* **SUPPLIED DATA**
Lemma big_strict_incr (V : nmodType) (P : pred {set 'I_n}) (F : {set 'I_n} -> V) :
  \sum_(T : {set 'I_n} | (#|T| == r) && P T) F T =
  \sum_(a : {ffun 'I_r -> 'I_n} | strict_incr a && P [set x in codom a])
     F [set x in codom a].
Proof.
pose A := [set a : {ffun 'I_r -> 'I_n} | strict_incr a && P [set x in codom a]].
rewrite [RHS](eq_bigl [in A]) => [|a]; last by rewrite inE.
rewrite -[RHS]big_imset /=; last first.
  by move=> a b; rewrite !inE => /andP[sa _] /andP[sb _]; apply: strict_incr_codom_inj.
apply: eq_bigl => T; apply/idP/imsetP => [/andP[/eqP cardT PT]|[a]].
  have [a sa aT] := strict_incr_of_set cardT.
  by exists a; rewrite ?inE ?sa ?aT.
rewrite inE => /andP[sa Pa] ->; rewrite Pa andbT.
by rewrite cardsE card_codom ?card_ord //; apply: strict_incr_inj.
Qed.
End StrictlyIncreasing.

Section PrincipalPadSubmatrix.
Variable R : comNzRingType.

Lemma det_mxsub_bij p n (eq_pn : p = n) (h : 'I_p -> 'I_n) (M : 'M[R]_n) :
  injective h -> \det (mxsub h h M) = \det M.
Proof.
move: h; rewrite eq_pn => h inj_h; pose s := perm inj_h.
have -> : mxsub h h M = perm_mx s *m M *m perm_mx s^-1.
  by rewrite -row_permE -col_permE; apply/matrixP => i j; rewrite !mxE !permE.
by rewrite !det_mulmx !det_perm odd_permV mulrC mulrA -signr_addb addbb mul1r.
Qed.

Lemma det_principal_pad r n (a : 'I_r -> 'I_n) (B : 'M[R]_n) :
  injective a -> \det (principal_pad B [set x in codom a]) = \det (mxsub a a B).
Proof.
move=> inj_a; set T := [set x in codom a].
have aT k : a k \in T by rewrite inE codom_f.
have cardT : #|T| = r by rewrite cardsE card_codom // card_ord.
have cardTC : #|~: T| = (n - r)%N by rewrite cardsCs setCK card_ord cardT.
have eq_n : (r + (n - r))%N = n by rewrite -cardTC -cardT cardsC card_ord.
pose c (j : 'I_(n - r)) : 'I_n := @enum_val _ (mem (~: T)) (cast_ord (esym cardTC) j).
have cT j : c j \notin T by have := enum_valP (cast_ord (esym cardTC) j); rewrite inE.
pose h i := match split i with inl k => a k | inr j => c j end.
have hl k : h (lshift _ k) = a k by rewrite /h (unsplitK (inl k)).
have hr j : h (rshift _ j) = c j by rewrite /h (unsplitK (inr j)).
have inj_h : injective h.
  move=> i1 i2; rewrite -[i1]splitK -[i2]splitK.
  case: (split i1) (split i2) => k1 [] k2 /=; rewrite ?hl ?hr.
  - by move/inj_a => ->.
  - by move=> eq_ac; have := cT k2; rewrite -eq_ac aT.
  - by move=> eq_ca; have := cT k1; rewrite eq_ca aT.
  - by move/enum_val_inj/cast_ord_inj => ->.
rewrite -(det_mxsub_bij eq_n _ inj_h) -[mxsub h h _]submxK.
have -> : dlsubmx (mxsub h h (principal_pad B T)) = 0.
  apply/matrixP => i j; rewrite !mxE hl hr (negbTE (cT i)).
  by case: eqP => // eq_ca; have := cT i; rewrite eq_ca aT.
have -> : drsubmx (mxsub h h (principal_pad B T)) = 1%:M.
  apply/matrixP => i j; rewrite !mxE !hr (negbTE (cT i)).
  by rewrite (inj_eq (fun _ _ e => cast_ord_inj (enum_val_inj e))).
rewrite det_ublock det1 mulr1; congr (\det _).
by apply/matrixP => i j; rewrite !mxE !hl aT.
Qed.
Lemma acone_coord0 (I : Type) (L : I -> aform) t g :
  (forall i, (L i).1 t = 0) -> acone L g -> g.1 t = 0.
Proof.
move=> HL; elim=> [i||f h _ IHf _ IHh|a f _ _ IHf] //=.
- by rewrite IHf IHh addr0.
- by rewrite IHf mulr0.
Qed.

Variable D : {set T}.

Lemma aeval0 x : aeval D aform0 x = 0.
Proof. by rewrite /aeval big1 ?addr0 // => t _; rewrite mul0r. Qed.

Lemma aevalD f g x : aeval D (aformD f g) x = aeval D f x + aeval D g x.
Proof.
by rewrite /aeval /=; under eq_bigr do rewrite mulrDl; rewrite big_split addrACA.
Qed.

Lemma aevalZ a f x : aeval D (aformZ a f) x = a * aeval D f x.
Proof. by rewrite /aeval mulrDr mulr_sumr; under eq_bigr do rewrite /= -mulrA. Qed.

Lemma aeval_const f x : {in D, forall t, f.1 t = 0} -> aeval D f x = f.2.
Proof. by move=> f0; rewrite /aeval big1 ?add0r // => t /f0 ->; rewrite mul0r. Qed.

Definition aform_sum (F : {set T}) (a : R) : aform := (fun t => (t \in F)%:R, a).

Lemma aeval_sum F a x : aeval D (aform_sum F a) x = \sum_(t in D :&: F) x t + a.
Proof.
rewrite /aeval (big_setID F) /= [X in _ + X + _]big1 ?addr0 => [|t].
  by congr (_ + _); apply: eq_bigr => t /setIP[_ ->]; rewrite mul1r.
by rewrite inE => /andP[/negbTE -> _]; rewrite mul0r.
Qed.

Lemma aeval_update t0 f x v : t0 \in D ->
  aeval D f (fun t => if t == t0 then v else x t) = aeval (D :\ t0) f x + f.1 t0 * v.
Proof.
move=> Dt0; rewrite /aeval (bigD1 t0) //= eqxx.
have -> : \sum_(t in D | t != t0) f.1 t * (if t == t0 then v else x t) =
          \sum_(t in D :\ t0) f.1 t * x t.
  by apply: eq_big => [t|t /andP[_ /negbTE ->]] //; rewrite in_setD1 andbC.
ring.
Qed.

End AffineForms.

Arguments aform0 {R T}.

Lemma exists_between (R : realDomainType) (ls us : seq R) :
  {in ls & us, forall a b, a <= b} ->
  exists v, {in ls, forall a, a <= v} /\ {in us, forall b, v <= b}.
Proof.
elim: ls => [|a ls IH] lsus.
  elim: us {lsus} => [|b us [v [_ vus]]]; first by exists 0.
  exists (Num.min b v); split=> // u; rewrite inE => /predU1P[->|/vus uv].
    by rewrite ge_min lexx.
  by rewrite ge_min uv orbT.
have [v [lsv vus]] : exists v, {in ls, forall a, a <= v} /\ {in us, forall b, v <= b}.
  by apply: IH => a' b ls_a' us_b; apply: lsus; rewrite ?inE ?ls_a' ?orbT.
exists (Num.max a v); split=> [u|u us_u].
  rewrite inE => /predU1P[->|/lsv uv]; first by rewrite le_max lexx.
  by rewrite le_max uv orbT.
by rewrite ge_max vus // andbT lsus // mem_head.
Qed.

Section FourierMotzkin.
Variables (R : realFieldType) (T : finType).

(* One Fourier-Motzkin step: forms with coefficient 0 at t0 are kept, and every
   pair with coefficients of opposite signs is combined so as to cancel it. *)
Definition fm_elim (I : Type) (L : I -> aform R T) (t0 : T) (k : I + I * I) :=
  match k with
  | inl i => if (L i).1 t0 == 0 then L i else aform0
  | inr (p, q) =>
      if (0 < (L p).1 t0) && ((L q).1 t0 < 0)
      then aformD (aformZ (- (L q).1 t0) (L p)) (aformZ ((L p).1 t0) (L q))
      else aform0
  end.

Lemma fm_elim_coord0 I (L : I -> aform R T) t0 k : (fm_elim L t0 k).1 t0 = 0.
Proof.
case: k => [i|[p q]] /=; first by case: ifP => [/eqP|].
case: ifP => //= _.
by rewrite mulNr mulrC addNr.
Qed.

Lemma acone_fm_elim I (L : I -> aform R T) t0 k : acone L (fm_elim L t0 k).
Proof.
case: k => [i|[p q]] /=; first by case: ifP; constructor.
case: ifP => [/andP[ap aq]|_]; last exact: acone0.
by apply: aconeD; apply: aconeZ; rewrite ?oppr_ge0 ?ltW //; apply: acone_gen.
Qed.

---

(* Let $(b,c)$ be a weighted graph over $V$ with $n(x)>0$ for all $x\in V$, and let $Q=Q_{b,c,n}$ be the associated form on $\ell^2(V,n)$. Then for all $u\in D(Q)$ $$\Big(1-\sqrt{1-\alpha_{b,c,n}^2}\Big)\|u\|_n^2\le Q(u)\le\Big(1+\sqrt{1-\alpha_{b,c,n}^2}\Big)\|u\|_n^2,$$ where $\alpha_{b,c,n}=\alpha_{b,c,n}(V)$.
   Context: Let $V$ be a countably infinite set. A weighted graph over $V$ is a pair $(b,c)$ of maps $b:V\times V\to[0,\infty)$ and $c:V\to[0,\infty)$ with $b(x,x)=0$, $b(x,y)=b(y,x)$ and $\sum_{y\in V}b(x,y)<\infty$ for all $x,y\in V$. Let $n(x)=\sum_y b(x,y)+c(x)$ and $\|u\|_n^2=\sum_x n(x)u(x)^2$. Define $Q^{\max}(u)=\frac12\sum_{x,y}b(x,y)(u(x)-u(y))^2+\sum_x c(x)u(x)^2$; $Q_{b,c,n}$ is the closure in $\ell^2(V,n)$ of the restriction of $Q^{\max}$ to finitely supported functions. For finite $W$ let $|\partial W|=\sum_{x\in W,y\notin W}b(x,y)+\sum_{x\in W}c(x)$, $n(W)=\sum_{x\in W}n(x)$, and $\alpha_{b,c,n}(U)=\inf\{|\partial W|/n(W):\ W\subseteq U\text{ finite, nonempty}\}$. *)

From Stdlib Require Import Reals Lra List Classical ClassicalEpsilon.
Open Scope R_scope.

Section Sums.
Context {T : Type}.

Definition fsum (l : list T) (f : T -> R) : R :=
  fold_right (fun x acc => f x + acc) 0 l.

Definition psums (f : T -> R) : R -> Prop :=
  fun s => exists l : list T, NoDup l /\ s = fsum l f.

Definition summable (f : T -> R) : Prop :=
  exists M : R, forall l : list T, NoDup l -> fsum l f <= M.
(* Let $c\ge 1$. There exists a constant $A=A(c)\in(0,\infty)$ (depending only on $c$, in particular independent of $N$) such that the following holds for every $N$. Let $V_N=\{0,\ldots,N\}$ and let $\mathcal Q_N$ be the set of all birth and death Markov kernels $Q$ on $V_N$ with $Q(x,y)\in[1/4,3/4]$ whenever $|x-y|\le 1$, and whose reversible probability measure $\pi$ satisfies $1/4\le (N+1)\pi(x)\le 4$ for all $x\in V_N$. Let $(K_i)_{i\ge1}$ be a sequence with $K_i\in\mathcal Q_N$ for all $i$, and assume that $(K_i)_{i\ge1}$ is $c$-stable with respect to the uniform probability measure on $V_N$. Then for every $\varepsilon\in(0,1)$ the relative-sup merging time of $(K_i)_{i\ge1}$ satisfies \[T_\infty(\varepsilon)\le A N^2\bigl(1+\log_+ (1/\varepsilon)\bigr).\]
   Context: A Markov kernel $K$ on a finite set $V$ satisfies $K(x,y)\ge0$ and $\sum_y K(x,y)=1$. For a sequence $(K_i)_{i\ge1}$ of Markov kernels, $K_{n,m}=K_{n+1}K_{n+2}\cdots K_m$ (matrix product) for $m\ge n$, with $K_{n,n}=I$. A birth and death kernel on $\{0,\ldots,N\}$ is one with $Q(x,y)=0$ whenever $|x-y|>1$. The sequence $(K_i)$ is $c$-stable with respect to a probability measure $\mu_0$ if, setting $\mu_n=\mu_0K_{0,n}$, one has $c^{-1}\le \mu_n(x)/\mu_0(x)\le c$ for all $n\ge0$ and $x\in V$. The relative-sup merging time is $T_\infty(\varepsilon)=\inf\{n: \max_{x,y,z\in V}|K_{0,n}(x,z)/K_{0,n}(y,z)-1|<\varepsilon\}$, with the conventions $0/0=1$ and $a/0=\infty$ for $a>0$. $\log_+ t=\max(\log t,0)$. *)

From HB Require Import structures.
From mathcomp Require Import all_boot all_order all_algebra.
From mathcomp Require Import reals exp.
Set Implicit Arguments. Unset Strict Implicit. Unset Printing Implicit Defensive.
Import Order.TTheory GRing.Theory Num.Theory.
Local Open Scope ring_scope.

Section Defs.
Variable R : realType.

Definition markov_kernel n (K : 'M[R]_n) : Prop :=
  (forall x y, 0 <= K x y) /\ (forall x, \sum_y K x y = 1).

* **TASK PROMPT**
Scan the listing and report each line where the word "ffun" shows up.

* **RESULT**
  \sum_(a : {ffun 'I_r -> 'I_n} | strict_incr a && P [set x in codom a])
pose A := [set a : {ffun 'I_r -> 'I_n} | strict_incr a && P [set x in codom a]].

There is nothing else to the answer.